Start of Available data
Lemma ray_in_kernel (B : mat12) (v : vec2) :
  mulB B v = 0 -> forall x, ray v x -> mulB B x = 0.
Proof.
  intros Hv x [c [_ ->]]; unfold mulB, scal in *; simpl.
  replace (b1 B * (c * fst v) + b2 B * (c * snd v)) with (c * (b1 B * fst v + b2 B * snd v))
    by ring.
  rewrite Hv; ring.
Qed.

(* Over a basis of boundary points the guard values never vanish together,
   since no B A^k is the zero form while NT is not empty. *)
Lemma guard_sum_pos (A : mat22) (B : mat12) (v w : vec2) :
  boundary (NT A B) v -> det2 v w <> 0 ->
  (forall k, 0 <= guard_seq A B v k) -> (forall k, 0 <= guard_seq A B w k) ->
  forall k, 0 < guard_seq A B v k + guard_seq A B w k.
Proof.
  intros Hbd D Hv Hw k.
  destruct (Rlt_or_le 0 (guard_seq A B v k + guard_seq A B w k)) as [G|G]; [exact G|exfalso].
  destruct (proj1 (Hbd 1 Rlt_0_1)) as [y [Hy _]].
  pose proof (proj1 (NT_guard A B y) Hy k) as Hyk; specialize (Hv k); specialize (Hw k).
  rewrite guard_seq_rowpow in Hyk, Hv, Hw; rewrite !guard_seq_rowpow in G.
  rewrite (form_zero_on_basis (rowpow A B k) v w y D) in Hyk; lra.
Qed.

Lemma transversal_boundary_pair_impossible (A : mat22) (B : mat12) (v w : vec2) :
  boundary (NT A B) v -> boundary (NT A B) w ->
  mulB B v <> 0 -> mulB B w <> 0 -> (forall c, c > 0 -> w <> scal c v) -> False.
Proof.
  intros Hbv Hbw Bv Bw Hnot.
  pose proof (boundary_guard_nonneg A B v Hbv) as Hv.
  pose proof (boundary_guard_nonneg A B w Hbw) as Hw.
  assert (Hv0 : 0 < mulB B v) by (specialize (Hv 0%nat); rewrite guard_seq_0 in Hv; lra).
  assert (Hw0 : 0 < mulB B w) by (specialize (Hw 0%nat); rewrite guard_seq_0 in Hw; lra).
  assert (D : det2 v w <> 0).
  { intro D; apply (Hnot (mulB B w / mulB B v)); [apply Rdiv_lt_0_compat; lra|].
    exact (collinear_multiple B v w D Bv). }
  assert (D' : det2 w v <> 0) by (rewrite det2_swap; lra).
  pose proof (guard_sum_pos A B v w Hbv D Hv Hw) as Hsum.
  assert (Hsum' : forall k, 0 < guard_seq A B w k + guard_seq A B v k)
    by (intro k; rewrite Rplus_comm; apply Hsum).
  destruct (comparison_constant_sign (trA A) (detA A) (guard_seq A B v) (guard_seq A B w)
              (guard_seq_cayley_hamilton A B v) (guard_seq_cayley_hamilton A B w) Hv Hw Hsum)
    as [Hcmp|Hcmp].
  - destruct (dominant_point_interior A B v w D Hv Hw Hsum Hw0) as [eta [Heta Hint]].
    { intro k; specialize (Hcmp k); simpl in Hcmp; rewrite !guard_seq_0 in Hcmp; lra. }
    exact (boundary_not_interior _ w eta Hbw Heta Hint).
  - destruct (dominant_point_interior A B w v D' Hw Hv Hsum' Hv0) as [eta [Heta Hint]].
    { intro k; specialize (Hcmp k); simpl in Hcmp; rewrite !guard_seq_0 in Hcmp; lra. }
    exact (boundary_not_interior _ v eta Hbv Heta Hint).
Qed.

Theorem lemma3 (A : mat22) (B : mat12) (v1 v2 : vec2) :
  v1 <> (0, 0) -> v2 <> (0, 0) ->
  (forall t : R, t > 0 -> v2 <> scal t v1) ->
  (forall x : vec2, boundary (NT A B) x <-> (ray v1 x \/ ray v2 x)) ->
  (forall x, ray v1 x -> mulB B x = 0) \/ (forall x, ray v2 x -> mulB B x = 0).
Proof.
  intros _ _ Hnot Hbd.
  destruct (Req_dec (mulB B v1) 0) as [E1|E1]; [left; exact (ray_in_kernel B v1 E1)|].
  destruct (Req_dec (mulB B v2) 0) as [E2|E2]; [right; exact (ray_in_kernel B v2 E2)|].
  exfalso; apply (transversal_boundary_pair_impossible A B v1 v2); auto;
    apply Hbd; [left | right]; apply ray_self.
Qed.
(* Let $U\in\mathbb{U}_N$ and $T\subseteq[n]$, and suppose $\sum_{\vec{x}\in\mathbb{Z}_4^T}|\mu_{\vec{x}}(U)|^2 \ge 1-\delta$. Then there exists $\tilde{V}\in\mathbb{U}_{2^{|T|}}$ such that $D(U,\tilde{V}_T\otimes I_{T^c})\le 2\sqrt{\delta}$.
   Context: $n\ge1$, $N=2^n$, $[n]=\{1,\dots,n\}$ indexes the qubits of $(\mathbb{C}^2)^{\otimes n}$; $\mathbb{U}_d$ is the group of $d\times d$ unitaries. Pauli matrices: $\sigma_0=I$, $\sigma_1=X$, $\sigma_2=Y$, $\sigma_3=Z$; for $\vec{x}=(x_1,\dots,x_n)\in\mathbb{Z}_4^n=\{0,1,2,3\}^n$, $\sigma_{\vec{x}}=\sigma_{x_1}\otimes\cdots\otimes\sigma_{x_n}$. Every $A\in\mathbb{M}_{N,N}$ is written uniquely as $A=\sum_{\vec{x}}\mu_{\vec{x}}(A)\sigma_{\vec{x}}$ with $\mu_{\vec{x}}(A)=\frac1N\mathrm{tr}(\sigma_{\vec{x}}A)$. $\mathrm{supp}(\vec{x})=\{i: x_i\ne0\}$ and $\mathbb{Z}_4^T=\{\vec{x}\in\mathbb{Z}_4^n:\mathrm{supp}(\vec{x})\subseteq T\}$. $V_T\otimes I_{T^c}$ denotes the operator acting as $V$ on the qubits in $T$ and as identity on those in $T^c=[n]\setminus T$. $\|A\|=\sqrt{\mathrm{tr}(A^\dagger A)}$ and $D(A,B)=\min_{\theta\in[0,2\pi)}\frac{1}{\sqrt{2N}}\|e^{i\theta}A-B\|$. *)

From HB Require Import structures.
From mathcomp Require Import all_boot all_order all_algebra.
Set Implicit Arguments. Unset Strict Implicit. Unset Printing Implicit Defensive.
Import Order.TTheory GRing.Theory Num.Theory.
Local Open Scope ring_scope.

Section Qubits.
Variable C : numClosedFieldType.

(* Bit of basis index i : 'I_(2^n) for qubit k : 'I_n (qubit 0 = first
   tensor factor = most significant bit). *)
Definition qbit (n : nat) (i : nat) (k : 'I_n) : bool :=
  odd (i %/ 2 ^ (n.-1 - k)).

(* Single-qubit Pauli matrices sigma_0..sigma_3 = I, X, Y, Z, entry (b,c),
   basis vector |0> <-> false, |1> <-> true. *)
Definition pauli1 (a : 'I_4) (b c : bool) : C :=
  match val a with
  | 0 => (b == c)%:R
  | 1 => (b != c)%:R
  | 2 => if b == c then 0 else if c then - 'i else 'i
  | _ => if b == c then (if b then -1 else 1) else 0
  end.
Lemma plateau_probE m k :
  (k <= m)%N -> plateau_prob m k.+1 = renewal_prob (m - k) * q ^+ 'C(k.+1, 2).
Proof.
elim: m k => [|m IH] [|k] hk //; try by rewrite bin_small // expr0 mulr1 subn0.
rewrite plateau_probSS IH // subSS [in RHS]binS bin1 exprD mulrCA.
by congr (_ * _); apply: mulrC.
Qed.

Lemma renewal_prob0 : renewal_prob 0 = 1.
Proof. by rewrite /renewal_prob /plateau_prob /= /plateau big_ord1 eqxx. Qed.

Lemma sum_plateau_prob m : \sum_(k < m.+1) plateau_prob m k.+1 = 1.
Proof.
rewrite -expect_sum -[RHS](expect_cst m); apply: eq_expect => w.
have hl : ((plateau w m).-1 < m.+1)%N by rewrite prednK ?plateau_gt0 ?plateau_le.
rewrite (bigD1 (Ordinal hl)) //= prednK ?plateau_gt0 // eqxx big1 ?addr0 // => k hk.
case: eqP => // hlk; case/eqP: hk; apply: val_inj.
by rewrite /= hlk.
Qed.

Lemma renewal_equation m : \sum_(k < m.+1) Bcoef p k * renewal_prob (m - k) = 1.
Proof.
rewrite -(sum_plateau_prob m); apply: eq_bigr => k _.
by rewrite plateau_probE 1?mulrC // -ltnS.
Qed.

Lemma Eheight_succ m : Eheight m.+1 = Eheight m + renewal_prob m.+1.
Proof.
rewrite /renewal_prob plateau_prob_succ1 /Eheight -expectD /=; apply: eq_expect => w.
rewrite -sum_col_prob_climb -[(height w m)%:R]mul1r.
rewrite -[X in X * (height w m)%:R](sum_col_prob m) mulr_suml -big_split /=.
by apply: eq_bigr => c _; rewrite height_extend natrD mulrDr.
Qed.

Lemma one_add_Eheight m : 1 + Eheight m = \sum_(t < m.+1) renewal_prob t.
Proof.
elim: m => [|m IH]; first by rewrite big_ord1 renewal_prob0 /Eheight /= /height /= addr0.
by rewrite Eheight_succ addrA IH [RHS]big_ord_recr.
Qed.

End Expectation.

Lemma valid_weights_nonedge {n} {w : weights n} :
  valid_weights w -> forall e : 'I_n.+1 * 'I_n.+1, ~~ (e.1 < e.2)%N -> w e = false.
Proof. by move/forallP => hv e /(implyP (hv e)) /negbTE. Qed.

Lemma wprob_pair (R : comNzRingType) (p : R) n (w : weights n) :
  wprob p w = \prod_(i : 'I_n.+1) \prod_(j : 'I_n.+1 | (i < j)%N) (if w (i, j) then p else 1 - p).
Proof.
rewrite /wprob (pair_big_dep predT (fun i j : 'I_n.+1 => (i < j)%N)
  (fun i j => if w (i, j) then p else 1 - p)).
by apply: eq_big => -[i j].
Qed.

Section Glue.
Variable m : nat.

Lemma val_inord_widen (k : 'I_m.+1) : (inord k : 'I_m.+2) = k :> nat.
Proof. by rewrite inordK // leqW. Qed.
End of Available data
— What this task involves —
The required answer is each line of the entries containing the string "else".

— Expected output —
  | 2 => if b == c then 0 else if c then - 'i else 'i
  | _ => if b == c then (if b then -1 else 1) else 0
  wprob p w = \prod_(i : 'I_n.+1) \prod_(j : 'I_n.+1 | (i < j)%N) (if w (i, j) then p else 1 - p).
  (fun i j => if w (i, j) then p else 1 - p)).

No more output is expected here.